Stored items
+++
Lemma finite_cells n l : (forall i, (i < n)%N -> 0 < p i) -> 0 < l ->
  @HY R n p phi l = \sum_(i < n) Hdot (p i * l) * @PrNotPhi R n p phi l i /\
  l ^+ 2 * @IY R n p phi l = \sum_(i < n) Idot (p i * l) * @PrNotPhi R n p phi l i.
Proof.
elim: n => [|n IH] p_gt0 l_gt0.
  rewrite HYE IYE !sum_tuple0 PY0 !big_ord0.
  have -> : (fun x => PY p phi x [tuple]) = cst 1 by apply/funext => x; rewrite PY0.
  by rewrite derive1_cst /log2 ln1; split; ring.
have [IH_H IH_I] := IH (fun i i_lt_n => p_gt0 i (ltnW i_lt_n)) l_gt0.
have pl_gt0 : 0 < p n * l by rewrite mulr_gt0 ?p_gt0.
have p_ge0 i : (i <= n)%N -> 0 <= p i by move=> i_le_n; rewrite ltW ?p_gt0.
rewrite (HY_rcons p_ge0 (ltW l_gt0)) (IY_rcons pl_gt0) IH_H IH_I.
rewrite !big_ord_recr /= PrNotPhi_last.
by split; congr (_ + _); apply: eq_bigr => i _; rewrite PrNotPhi_rcons // ltnW.
Qed.

Lemma finite_cells_prefix n l : (forall i, (i < n)%N -> 0 < p i) -> 0 < l ->
  @HY R n p phi l = \sum_(i < n) Hdot (p i * l) * @PrNotPhi R i p phi l i /\
  l ^+ 2 * @IY R n p phi l = \sum_(i < n) Idot (p i * l) * @PrNotPhi R i p phi l i.
Proof.
move=> p_gt0 l_gt0; have [-> ->] := finite_cells p_gt0 l_gt0.
by split; apply: eq_bigr => i _; rewrite PrNotPhi_stable // ltnW.
Qed.

End Occupancy.

Section CountableCells.
Variable R : realType.
Local Open Scope ereal_scope.

Lemma ereal_sup_partial_sums (a s : nat -> R) : (forall i, (0 <= a i)%R) ->
  (forall m, s m = \sum_(i < m) a i)%R ->
  ereal_sup (range (fun m => (s m)%:E)) = \sum_(0 <= i <oo) (a i)%:E.
Proof.
move=> a_ge0 s_partial.
have -> : (fun m => (s m)%:E) = (fun m => \sum_(0 <= i < m) (a i)%:E).
  by apply/funext => m; rewrite s_partial -sumEFin big_mkord.
apply/esym/cvg_lim => //; apply/ereal_nondecreasing_cvgn.
by apply: ereal_nondecreasing_series => n _ _; rewrite lee_fin.
Qed.

Lemma ereal_sup_range_pZl (r : R) (f : nat -> R) : (0 < r)%R ->
  r%:E * ereal_sup (range (fun m => (f m)%:E)) =
  ereal_sup (range (fun m => (r * f m)%:E)).
Proof. by move=> r_gt0; rewrite -ereal_sup_pZl // image_comp. Qed.

Lemma Hdot_ge0 (t : R) : (0 < t)%R -> (0 <= Hdot t)%R.
Proof.
move=> t_gt0; rewrite /Hdot; apply: divr_ge0; last by apply: ltW; apply: ln_gt0; rewrite ltr1n.
rewrite subr_ge0; apply: (@le_trans _ _ 0%R).
  apply: mulr_ge0_le0; first by rewrite subr_ge0 expR_le1 oppr_le0 ltW.
  by rewrite ln_le0 // lerBlDr lerDl expR_ge0.
by apply: mulr_ge0; [exact: ltW | exact: expR_ge0].
Qed.

Lemma Idot_ge0 (t : R) : (0 < t)%R -> (0 <= Idot t)%R.
Proof.
by move=> t_gt0; rewrite /Idot divr_ge0 ?sqr_ge0 // subr_ge0 ltW // expR_gt1.
Qed.

Lemma PrNotPhi_ge0 n (p : nat -> R) phi l i :
  (forall i, (0 <= p i)%R) -> (0 <= l)%R -> (0 <= @PrNotPhi R n p phi l i)%R.
Proof.
move=> p_ge0 l_ge0; apply: sumr_ge0 => z _; rewrite mulr_ge0 ?ler0n //.
by apply: prodr_ge0 => j _; rewrite bern_ge0 ?mulr_ge0.
Qed.

Lemma countable_cells (p : nat -> R) phi lam :
  (forall i, (0 < p i)%R) -> (0 < lam)%R ->
  HYinf p phi lam = \sum_(0 <= i <oo) (Hdot (p i * lam) * @PrNotPhi R i p phi lam i)%:E
  /\ (lam ^+ 2)%:E * IYinf p phi lam =
     \sum_(0 <= i <oo) (Idot (p i * lam) * @PrNotPhi R i p phi lam i)%:E.
Proof.
move=> p_gt0 lam_gt0.
have pl_gt0 i : (0 < p i * lam)%R by rewrite mulr_gt0.
have Pr_ge0 i : (0 <= @PrNotPhi R i p phi lam i)%R.
  by apply: PrNotPhi_ge0 => [j|]; apply: ltW; [exact: p_gt0 | exact: lam_gt0].
have partial_sums m := finite_cells_prefix phi (n := m) (fun i _ => p_gt0 i) lam_gt0.
rewrite /HYinf /IYinf ereal_sup_range_pZl ?exprn_gt0 //; split.
- apply: ereal_sup_partial_sums => [i|m]; last exact: (partial_sums m).1.
  by rewrite mulr_ge0 ?Hdot_ge0 ?pl_gt0 ?Pr_ge0.
- apply: ereal_sup_partial_sums => [i|m]; last exact: (partial_sums m).2.
  by rewrite mulr_ge0 ?Idot_ge0 ?pl_gt0 ?Pr_ge0.
Qed.

End CountableCells.

Theorem mainTheorem11 (R : realType) :
  (* finitely many cells c_0, ..., c_{n-1} *)
  (forall (n : nat) (p : nat -> R) (phi : seq bool -> bool) (lam : R),
     (forall i, (i < n)%N -> 0 < p i) -> \sum_(i < n) p i = 1 ->
     monotone_sketch phi -> 0 < lam ->
     @HY R n p phi lam =
       \sum_(i < n) Hdot (p i * lam) * @PrNotPhi R n p phi lam i
     /\ lam ^+ 2 * @IY R n p phi lam =
       \sum_(i < n) Idot (p i * lam) * @PrNotPhi R n p phi lam i)
  /\
  (* countably many cells c_0, c_1, ... *)
  (forall (p : nat -> R) (phi : seq bool -> bool) (lam : R),
     (forall i, 0 < p i) -> series p @ \oo --> (1 : R) ->
     monotone_sketch phi -> 0 < lam ->
     HYinf p phi lam =
       (\sum_(0 <= i <oo) (Hdot (p i * lam) * @PrNotPhi R i p phi lam i)%:E)%E
     /\ ((lam ^+ 2)%:E * IYinf p phi lam =
       \sum_(0 <= i <oo) (Idot (p i * lam) * @PrNotPhi R i p phi lam i)%:E)%E).
Proof.
split.
- by move=> n p phi lam p_gt0 _ _ lam_gt0; exact: finite_cells.
- by move=> p phi lam p_gt0 _ _ lam_gt0; exact: countable_cells.
Qed.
+++
§ **EXERCISE DESCRIPTION**:
Of the lines in the data, report each one containing the string "exact".

§ **TASK RESPONSE**:
by apply: mulr_ge0; [exact: ltW | exact: expR_ge0].
  by apply: PrNotPhi_ge0 => [j|]; apply: ltW; [exact: p_gt0 | exact: lam_gt0].
- apply: ereal_sup_partial_sums => [i|m]; last exact: (partial_sums m).1.
- apply: ereal_sup_partial_sums => [i|m]; last exact: (partial_sums m).2.
- by move=> n p phi lam p_gt0 _ _ lam_gt0; exact: finite_cells.
- by move=> p phi lam p_gt0 _ _ lam_gt0; exact: countable_cells.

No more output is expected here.